Having Lupus has it's ups and downs. (Wait- who am I kidding- what ups?). The meds I try are crazy, the side effects are nuts and frankly I'm tired. I'm tired of the medical card in my wallet having to be changed every six weeks. I'm tired of wondering if the new symptom is a side effect. But most of all I'm tired of finding a drug that works so well only to have it cause a side effect so unbearable I can't stand it.


Lupus is definately a game changer for me. I quit playing softball, I rest more than I play and just last month I stepped down from a volunteer job that I have loved for 15 years. One of the hardest things I have had to sacrifice because of Lupus. But I know that there will be other opportunities for me to help others that wont cause me and my family the sacrifices I don't want to make.

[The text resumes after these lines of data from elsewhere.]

(* Let $e$ be an idempotent binary relation on a finite set $Q$ (i.e. $e\circ e=e$), let $S=\{s\in Q\mid (s,s)\in e\}$ be its set of fixed points, and let $\Gamma$ be the set of strongly connected components of the restriction of $e$ to $S$ (viewed as a directed graph). Then: (1) for all $p,q\in Q$, $(p,q)\in e$ if and only if there exists $s\in S$ with $(p,s)\in e$ and $(s,q)\in e$; (2) $e=\ell r$, where $\ell=\{(p,\sigma)\in Q\times\Gamma\mid (p,s)\in e\text{ for some }s\in\sigma\}$ and $r=\{(\sigma,q)\in\Gamma\times Q\mid (s,q)\in e\text{ for some }s\in\sigma\}$.
   Context: Relations are composed as follows: for relations $m\subseteq X\times Y$, $n\subseteq Y\times Z$, $mn=\{(x,z)\mid \exists y,\ (x,y)\in m,\ (y,z)\in n\}$. *)

From mathcomp Require Import all_boot.
Set Implicit Arguments. Unset Strict Implicit. Unset Printing Implicit Defensive.

Definition relcomp (X Y Z : Type) (m : X -> Y -> Prop) (n : Y -> Z -> Prop)
  (x : X) (z : Z) : Prop := exists y, m x y /\ n y z.

Section Idem.
Variable Q : finType.
Variable e : rel Q.

Definition idempotent_rel : Prop :=
  forall p q, relcomp e e p q <-> e p q.

Definition fixpts : {set Q} := [set s | e s s].

Definition erestr : rel Q := [rel x y | [&& x \in fixpts, y \in fixpts & e x y]].

Definition scc (s : Q) : {set Q} :=
  [set t in fixpts | connect erestr s t && connect erestr t s].

Definition sccs : {set {set Q}} := [set scc s | s in fixpts].

Definition lrel (p : Q) (sigma : {set Q}) : Prop :=
  sigma \in sccs /\ exists2 s, s \in sigma & e p s.
Definition rrel (sigma : {set Q}) (q : Q) : Prop :=
  sigma \in sccs /\ exists2 s, s \in sigma & e s q.
End Idem.

From mathcomp Require Import all_boot.

(* An idempotent relation e (e e = e) is transitive (e e <= e) and dense
   (e <= e e); these two properties are all the argument uses.
   (1) Given e p q, among the midpoints s of p and q (e p s, e s q) choose one
       with the fewest e-predecessors.  Density yields t with e p t and e t s;
       t is again a midpoint whose predecessors lie among those of s, so by
       minimality both predecessor sets coincide; as t precedes s, t precedes
       itself, i.e. t is a fixed point.
   (2) Within the graph of e restricted to the fixed points, a path starting
       at a fixed point x gives e x y by transitivity; hence e relates any two
       members of a strongly connected component.  Thus l r <= e, while the
       fixed midpoint s of (1) shows e <= l r through the component of s. *)

Section TransitiveDense.

Variable Q : finType.
Variable e : rel Q.

Hypothesis e_trans : transitive e.
Hypothesis e_dense : forall {p q}, e p q -> exists s, e p s && e s q.

Lemma fixpt_midpoint p q :
  e p q -> exists2 s, s \in fixpts e & e p s && e s q.
Proof.
move=> Epq; have [s0 mid_s0] := e_dense Epq.
pose midpoint := [pred s | e p s && e s q].
pose preds s := [set u | e u s].
have [s /andP [Eps Esq] s_min] :=
  arg_minnP (P := midpoint) (fun s => #|preds s|) mid_s0.
have [t /andP [Ept Ets]] := e_dense Eps.
have mid_t : midpoint t by rewrite inE Ept (e_trans _ _ _ Ets Esq).
have sub_ts : preds t \subset preds s.
  by apply/subsetP => u; rewrite !inE => Eut; exact: e_trans _ _ _ Eut Ets.
have preds_ts : preds t = preds s.
  by apply/eqP; rewrite eqEcard sub_ts s_min.
exists t => //.
have : t \in preds s by rewrite inE.
by rewrite -preds_ts !inE.
Qed.

Lemma connect_erestr {x y} :
  x \in fixpts e -> connect (erestr e) x y -> e x y.
Proof.
move=> Fx /connectP [path Hpath ->] {y}.
elim: path x Fx Hpath => [|z path IH] x Fx /=; first by rewrite inE in Fx.
by move=> /andP [/and3P [_ Fz Exz] Hpath]; apply: e_trans _ _ _ Exz (IH z Fz Hpath).
Qed.

Lemma scc_complete {sigma s1 s2} :
  sigma \in sccs e -> s1 \in sigma -> s2 \in sigma -> e s1 s2.
Proof.
move=> /imsetP [s0 _ ->] /setIdP [F1 /andP [_ C10]] /setIdP [_ /andP [C02 _]].
exact: connect_erestr F1 (connect_trans C10 C02).
Qed.

Lemma scc_self {s} : s \in fixpts e -> s \in scc e s /\ scc e s \in sccs e.
Proof. by move=> Fs; rewrite inE Fs !connect0; split=> //; apply: imset_f. Qed.

Lemma factor_through_sccs p q : e p q <-> relcomp (lrel e) (rrel e) p q.
Proof.
split.
  move=> /fixpt_midpoint [s Fs /andP [Eps Esq]].
  have [s_scc scc_in] := scc_self Fs.
  by exists (scc e s); split; split=> //; exists s.
move=> [sigma [[Gsigma [s1 S1 Eps1]] [_ [s2 S2 Es2q]]]].
exact: e_trans _ _ _ Eps1 (e_trans _ _ _ (scc_complete Gsigma S1 S2) Es2q).
Qed.

End TransitiveDense.

Theorem mainTheorem6 (Q : finType) (e : rel Q) :
  idempotent_rel e ->
  (forall p q : Q, e p q <-> exists2 s, s \in fixpts e & e p s && e s q) /\
  (forall p q : Q, e p q <-> relcomp (lrel e) (rrel e) p q).
Proof.
move=> e_idem.
have e_trans : transitive e by move=> y x z Exy Eyz; apply/e_idem; exists y.
have e_dense p q : e p q -> exists s, e p s && e s q.
  by move/e_idem => [s [Eps Esq]]; exists s; rewrite Eps Esq.
split=> p q; last exact: factor_through_sccs.
split; first exact: fixpt_midpoint.
by move=> [s _ /andP [Eps Esq]]; apply: e_trans _ _ _ Eps Esq.
Qed.
Lemma rees_Jideal_inv a w : Jideal rees_mul (q a) w -> exists y, Jideal m a y /\ w = q y.
Proof.
  intros [s [t ->]].
  exists (rmul1 _ m (lmul1 _ m (option_map rees_rep s) a) (option_map rees_rep t)).
  split; [eexists; eexists; reflexivity|].
  destruct s, t; simpl; rewrite ?rees_proj_hom, ?rees_proj_rep; reflexivity.
Qed.
End ReesQuotient.
Section T2RStructure.
Variables (T : Type) (mul : T -> T -> T) (S0 : T -> Prop) (z u v : T).
Hypothesis mul_delta : delta_semigroup mul.
Hypothesis u_neq_v : u <> v.
Hypothesis S0_spec : forall x, S0 x <-> (x <> u /\ x <> v).
Hypothesis S0_ideal : forall x s, S0 x -> S0 (mul x s) /\ S0 (mul s x).
Hypothesis S0_z : S0 z.
Hypothesis z_zero_S0 : forall x, S0 x -> mul z x = z /\ mul x z = z.
Hypothesis S0_nil : forall x, S0 x -> exists n, pow mul x n = z.
Hypothesis S0_nontrivial : exists x, S0 x /\ x <> z.
Hypothesis uu : mul u u = u.
Hypothesis uv : mul u v = v.
Hypothesis vu : mul v u = u.
Hypothesis vv : mul v v = v.

Let mul_assoc : associative_op mul := proj1 mul_delta.

Local Notation L1 := (lmul1 T mul).
Local Notation R1 := (rmul1 T mul).

Definition UV (x : T) : Prop := x = u \/ x = v.

Lemma S0_not_UV x : S0 x -> ~ UV x.
Proof. intros Hx [-> | ->]; apply S0_spec in Hx; tauto. Qed.
(* Assume the setting of the context with $K\ge2$ temperatures, and assume $\rho$ is not constant on $S^K$. Let $\lambda>0$ and $h(\mathbf{x})=\lambda\rho(\mathbf{x})$. Then the optimal cost \[ \gamma^*=\min_{\nu\in\mathcal{P}(S^K)}\Big\{J(\nu)+\sum_{\mathbf{x}\in S^K}h(\mathbf{x})\nu(\mathbf{x})\Big\} \] satisfies $\gamma^*<\lambda/K!$; in particular, for two temperatures, $\gamma^*<\lambda/2$.
   Context: **Dynamics.** $S$ is a finite set and $K\ge2$. For $k=1,\dots,K$, $\Gamma^k$ is an irreducible intensity matrix on $S$, reversible with respect to its unique invariant distribution $\mu_k$. Set $\mu=\mu_1\times\cdots\times\mu_K$. **Permutations and weights.** $\Sigma_K$ is the set of permutations of $\{1,\dots,K\}$, and $\mathbf{x}^\sigma=(x_{\sigma^{-1}(1)},\dots,x_{\sigma^{-1}(K)})$. Define $\rho(\mathbf{x})=\mu(\mathbf{x})/\sum_{\sigma}\mu(\mathbf{x}^\sigma)$. **Infinite swapping rates.** - $\Gamma^\infty$ is the rate matrix on $S^K$ with $\Gamma^\infty_{\mathbf{x},\mathbf{y}}=\sum_\sigma\rho(\mathbf{x}^\sigma)\Gamma^{\sigma(i)}_{x_i,y_i}$ when $\mathbf{y}$ differs from $\mathbf{x}$ exactly in coordinate $i$. For $K=2$: $\Gamma^\infty_{(x_1,x_2),(y_1,x_2)}=\rho(x_1,x_2)\Gamma^1_{x_1,y_1}+\rho(x_2,x_1)\Gamma^2_{x_1,y_1}$, and analogously for the second coordinate. - Off-diagonal rates between states differing in two or more coordinates are $0$. - $q^\infty(\mathbf{x})=\sum_{\mathbf{y}\ne\mathbf{x}}\Gamma^\infty_{\mathbf{x},\mathbf{y}}$ and $\bar\mu(\mathbf{x})=\frac1{K!}\sum_\sigma\mu(\mathbf{x}^\sigma)$. **Functional.** For $\nu\in\mathcal{P}(S^K)$ with $\theta=\nu/\bar\mu$, \[ J(\nu)=\sum_{\mathbf{x}}q^\infty(\mathbf{x})\theta(\mathbf{x})\bar\mu(\mathbf{x})-\sum_{\mathbf{x}\ne\mathbf{y}}\theta^{1/2}(\mathbf{x})\theta^{1/2}(\mathbf{y})\Gamma^\infty_{\mathbf{x},\mathbf{y}}\bar\mu(\mathbf{x}). \] *)

From HB Require Import structures.
From mathcomp Require Import all_boot all_order all_algebra all_fingroup.
From mathcomp Require Import reals.
Set Implicit Arguments. Unset Strict Implicit. Unset Printing Implicit Defensive.
Import Order.TTheory GRing.Theory Num.Theory.
Local Open Scope ring_scope.

Section Defs.
Variables (R : realType) (S : finType) (K : nat).

Definition conf := {ffun 'I_K -> S}.

Definition intensity (G : S -> S -> R) : Prop :=
  (forall x y, x != y -> 0 <= G x y) /\ (forall x, \sum_(y : S) G x y = 0).

Definition irreducible (G : S -> S -> R) : Prop :=
  forall x y, connect (fun a b => (a != b) && (0 < G a b)) x y.

Definition is_distribution (m : S -> R) : Prop :=
  (forall x, 0 <= m x) /\ \sum_(x : S) m x = 1.

Definition is_invariant (G : S -> S -> R) (m : S -> R) : Prop :=
  forall y, \sum_(x : S) m x * G x y = 0.

Definition reversible (G : S -> S -> R) (m : S -> R) : Prop :=
  forall x y, m x * G x y = m y * G y x.

Definition xperm (s : 'S_K) (x : conf) : conf := [ffun i => x (s^-1 i)%g].

Variables (mu_ : 'I_K -> S -> R) (Gam : 'I_K -> S -> S -> R).

Definition mu (x : conf) : R := \prod_(k < K) mu_ k (x k).

Definition rho (x : conf) : R := mu x / \sum_(s : 'S_K) mu (xperm s x).

(* Gamma^infty_{x,y}: nonzero only when y differs from x in exactly one
   coordinate i, in which case it equals sum_sigma rho(x^sigma) Gamma^{sigma(i)}_{x_i,y_i}.
   (The sum over i has at most one nonzero term.) *)
Definition Ginf (x y : conf) : R :=
  \sum_(i : 'I_K | (x i != y i) && [forall j, (j != i) ==> (x j == y j)])
     \sum_(s : 'S_K) rho (xperm s x) * Gam (s i) (x i) (y i).

Definition qinf (x : conf) : R := \sum_(y : conf | y != x) Ginf x y.

Definition mubar (x : conf) : R := (K`!%:R)^-1 * \sum_(s : 'S_K) mu (xperm s x).

Definition is_prob (nu : conf -> R) : Prop :=
  (forall x, 0 <= nu x) /\ \sum_(x : conf) nu x = 1.

Definition J (nu : conf -> R) : R :=
  let theta x := nu x / mubar x in
  \sum_(x : conf) qinf x * theta x * mubar x
  - \sum_(x : conf) \sum_(y : conf | y != x)
       Num.sqrt (theta x) * Num.sqrt (theta y) * Ginf x y * mubar x.

End Defs.

From Pilot Require Import Defs.
From HB Require Import structures.
From mathcomp Require Import all_boot all_order all_algebra all_fingroup.
From mathcomp Require Import reals.
From mathcomp Require Import ring lra.
Import Order.TTheory GRing.Theory Num.Theory.
Local Open Scope ring_scope.
Set Implicit Arguments. Unset Strict Implicit. Unset Printing Implicit Defensive.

Lupus is a thorn in my side and yet, because of it I have met new friends. Cried with old ones and been there for those going through this dianosis.

Bottom line- I love my life. If a cure for Lupus comes I will be first in line, but for now I will hold my head up high and try and do everything I can to just get through my day.

Support system

Last night I was reminded once again what an amazing support system I have. It also reminded me of those that don't have a support system. I don't know how you go through your life without one.

My husband has been at my side through thick and thin. It hasn't been all roses, we have had our ups and downs.

I have a full time job. Mainly, because I have too. I don't mind working, I actually enjoy it most days. My family needs me to have the job. But because I work some days I get home and have nothing left. I collapse on my bed. I try to get up after Dave gets home and help make dinner but 9 times out of 10 he wont let me (Although, this might be because I can't cook). I suffer from guilt. I hate hearing my son giggle in the other room and have no idea what's going on. I hate the idea of feeling like I need to push myself.. but not being able too. I hate the internal battle I have of "Am I really out of energy today" or "Am I just lazy?". It's hard because my mind says go, go, go, but my body says not a chance.

My husband is amazing, he knows when I am at my wits end. He knows when I just need to sit down. He is amazing. I am so thankful for the man that God brought me. I am blessed.